▶ _Task item_:
There is material below. Print exactly the lines starting at the line with "match us with" and ending at the line with "(* InstantEmbedding cost: SparsePPR, then", ends included, and no others.

>>>

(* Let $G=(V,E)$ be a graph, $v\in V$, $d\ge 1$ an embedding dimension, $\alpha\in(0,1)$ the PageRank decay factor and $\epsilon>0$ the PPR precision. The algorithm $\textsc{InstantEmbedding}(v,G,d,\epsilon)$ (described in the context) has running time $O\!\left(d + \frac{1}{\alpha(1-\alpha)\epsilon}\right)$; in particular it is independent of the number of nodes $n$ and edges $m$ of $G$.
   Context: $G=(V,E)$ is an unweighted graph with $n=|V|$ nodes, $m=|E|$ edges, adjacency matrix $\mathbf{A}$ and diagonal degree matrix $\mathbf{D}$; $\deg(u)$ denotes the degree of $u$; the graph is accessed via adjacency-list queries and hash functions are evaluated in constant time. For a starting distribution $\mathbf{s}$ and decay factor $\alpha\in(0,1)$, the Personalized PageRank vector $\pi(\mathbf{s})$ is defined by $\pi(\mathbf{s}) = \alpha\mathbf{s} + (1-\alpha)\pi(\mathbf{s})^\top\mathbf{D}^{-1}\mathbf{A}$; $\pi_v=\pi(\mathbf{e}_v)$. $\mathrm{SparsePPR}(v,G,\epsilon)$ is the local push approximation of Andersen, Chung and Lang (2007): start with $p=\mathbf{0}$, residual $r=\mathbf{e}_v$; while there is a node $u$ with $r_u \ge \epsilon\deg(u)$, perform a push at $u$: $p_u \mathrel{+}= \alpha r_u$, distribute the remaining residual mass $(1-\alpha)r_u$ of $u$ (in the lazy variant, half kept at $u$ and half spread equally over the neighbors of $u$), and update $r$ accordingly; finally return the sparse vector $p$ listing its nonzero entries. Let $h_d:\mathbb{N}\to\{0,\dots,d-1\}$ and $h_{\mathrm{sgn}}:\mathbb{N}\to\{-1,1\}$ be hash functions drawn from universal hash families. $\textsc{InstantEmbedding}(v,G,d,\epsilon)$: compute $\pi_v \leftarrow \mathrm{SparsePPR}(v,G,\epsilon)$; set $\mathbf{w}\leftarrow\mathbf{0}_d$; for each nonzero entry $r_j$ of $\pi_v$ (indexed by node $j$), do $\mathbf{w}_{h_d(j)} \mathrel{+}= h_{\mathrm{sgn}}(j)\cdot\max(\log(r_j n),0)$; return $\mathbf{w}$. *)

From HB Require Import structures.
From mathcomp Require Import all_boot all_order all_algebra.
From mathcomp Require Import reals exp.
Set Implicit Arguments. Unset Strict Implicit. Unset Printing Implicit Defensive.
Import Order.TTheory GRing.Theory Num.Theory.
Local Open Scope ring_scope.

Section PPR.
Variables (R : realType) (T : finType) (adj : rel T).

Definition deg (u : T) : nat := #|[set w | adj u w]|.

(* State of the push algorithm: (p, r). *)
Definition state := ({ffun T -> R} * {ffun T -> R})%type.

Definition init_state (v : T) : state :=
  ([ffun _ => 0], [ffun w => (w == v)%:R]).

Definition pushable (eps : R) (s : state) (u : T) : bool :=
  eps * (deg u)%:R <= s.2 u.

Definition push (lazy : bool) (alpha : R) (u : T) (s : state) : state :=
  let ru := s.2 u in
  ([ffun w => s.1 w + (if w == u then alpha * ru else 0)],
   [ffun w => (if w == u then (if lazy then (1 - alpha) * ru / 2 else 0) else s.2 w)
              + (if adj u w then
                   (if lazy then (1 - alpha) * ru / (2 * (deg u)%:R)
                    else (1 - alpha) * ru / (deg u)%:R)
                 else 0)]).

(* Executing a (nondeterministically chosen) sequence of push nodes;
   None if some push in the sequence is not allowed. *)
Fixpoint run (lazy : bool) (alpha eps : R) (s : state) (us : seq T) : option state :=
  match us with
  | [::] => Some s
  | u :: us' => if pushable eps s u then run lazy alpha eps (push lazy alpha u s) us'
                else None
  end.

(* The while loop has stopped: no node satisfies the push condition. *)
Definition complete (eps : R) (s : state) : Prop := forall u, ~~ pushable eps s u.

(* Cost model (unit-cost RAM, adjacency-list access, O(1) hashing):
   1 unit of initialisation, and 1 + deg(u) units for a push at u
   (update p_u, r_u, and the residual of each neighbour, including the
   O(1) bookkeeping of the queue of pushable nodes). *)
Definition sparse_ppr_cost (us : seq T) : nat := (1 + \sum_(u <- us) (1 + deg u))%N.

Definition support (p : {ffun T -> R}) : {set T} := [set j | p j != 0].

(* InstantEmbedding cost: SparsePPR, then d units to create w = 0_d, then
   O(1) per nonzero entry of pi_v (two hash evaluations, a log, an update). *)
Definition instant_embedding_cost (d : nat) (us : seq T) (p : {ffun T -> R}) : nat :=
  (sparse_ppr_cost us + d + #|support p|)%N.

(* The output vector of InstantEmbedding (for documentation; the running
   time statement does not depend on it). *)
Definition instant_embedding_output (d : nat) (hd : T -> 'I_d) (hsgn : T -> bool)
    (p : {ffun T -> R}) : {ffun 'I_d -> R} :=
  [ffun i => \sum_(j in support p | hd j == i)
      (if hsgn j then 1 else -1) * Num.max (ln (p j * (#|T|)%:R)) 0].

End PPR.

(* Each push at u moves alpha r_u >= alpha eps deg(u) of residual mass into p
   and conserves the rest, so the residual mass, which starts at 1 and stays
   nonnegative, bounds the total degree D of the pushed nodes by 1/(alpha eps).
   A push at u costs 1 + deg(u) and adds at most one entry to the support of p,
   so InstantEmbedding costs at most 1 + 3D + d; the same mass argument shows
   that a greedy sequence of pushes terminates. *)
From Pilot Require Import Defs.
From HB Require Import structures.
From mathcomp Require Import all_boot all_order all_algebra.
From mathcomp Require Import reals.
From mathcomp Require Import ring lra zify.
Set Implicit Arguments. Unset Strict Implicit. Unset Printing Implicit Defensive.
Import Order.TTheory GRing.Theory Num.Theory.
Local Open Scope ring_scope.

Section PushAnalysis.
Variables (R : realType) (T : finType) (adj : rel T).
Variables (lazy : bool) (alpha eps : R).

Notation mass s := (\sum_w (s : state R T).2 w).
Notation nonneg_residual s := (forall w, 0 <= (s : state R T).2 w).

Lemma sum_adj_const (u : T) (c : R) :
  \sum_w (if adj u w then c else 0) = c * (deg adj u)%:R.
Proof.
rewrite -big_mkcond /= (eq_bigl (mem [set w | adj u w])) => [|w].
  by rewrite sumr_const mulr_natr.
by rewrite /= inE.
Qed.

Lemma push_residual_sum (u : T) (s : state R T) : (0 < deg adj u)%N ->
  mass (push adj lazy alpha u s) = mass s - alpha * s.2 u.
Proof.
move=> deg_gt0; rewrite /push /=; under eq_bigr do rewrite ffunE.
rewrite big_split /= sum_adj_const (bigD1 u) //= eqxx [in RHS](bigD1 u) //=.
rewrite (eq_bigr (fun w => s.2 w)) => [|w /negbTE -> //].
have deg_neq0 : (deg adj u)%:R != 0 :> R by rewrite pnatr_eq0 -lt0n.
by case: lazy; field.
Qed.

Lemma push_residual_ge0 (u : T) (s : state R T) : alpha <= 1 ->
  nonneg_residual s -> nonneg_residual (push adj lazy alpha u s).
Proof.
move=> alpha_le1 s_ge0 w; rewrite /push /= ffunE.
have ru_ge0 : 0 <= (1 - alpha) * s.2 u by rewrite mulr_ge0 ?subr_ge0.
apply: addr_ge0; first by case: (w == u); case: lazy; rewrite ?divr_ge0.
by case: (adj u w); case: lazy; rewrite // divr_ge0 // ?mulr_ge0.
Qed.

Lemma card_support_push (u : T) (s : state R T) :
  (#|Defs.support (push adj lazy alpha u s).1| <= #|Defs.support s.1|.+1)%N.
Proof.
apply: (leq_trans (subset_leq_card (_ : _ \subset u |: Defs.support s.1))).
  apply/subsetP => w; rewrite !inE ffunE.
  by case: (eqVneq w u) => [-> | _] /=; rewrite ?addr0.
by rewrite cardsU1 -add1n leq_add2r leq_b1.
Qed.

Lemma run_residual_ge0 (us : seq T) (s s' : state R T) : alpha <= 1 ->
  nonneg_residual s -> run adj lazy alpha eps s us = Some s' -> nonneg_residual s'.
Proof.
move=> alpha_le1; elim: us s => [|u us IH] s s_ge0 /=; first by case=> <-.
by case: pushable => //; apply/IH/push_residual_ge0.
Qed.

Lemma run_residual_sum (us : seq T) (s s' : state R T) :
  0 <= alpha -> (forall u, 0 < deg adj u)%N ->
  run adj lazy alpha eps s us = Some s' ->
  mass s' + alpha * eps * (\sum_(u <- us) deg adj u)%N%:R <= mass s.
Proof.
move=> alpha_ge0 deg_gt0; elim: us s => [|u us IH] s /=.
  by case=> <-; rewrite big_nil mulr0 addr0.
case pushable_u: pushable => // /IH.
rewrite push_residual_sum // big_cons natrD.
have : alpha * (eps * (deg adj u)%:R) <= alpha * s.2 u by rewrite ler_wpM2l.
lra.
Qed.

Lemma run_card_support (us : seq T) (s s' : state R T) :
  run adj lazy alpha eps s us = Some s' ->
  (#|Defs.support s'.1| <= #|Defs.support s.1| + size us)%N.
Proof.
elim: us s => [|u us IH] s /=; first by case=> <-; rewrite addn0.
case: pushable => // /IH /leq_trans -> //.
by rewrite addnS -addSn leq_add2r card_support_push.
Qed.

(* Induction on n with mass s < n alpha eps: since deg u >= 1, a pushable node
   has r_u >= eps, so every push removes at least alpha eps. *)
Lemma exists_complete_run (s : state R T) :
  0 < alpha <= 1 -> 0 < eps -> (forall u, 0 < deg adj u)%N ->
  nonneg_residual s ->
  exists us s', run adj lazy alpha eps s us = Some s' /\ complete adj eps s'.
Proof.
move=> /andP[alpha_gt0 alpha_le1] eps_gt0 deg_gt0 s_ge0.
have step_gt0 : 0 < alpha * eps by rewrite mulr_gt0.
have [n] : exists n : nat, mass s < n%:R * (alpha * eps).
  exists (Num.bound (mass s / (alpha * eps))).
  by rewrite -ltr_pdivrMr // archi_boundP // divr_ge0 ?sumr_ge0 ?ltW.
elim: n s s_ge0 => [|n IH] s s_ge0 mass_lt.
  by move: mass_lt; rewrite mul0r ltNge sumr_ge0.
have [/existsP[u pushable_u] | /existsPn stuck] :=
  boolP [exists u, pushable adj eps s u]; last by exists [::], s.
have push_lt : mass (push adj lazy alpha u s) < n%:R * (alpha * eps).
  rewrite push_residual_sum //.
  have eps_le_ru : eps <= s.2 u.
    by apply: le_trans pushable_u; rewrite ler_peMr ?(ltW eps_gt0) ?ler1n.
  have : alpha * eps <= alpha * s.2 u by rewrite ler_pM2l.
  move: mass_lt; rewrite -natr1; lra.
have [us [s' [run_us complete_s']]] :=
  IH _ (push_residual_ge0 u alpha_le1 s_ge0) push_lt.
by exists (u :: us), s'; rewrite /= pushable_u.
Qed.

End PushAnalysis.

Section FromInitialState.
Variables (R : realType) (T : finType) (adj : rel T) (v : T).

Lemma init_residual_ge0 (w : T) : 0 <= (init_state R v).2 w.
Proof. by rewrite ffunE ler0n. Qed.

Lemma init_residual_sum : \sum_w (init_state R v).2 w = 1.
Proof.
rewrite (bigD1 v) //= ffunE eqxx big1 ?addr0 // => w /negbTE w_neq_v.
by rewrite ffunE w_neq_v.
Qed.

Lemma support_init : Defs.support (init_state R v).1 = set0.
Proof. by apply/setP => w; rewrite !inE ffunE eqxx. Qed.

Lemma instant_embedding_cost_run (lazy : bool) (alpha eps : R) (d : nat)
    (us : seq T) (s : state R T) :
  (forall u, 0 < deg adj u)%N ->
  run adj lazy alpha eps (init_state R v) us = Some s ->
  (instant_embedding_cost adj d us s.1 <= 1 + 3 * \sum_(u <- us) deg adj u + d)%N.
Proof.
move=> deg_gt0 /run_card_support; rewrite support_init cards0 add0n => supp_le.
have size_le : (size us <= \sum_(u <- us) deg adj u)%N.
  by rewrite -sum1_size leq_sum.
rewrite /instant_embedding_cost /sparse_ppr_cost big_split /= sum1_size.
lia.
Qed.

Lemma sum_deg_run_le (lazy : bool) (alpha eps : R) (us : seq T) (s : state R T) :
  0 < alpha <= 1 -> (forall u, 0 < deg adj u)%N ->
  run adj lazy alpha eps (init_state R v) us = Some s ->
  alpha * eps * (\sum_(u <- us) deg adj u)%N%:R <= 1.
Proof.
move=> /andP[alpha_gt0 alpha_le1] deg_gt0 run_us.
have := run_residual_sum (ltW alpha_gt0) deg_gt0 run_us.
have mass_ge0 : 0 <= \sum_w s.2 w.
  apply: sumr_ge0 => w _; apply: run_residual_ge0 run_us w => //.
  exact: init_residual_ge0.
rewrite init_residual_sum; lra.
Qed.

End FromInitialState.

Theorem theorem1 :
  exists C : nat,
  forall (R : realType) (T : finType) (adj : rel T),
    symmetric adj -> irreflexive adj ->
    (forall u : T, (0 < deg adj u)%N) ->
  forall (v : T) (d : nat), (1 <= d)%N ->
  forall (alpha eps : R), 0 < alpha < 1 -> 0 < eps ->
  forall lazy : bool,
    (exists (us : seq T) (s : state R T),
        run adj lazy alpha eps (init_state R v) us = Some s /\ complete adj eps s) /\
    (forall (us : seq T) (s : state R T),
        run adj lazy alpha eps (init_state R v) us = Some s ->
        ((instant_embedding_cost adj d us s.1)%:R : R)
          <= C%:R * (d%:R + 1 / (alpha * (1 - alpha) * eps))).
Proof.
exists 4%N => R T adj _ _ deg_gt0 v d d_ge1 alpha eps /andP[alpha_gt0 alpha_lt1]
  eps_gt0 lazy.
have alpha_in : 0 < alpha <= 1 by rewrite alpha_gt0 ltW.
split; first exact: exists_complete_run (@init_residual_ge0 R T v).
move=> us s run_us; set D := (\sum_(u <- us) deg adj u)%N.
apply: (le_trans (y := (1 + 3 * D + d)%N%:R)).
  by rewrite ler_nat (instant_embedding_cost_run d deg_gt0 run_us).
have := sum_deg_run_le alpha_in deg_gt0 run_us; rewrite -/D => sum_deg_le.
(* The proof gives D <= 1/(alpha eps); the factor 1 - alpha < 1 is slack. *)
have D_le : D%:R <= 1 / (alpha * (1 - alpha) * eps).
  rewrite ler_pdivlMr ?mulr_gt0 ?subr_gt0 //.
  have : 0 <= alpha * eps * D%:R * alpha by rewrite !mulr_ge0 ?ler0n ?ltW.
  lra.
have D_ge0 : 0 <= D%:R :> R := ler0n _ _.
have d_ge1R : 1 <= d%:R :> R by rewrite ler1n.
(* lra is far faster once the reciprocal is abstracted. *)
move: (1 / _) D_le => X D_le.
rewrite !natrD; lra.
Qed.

<<<

▶ _Exercise solution_:
  match us with
  | [::] => Some s
  | u :: us' => if pushable eps s u then run lazy alpha eps (push lazy alpha u s) us'
                else None
  end.

(* The while loop has stopped: no node satisfies the push condition. *)
Definition complete (eps : R) (s : state) : Prop := forall u, ~~ pushable eps s u.

(* Cost model (unit-cost RAM, adjacency-list access, O(1) hashing):
   1 unit of initialisation, and 1 + deg(u) units for a push at u
   (update p_u, r_u, and the residual of each neighbour, including the
   O(1) bookkeeping of the queue of pushable nodes). *)
Definition sparse_ppr_cost (us : seq T) : nat := (1 + \sum_(u <- us) (1 + deg u))%N.

Definition support (p : {ffun T -> R}) : {set T} := [set j | p j != 0].

(* InstantEmbedding cost: SparsePPR, then d units to create w = 0_d, then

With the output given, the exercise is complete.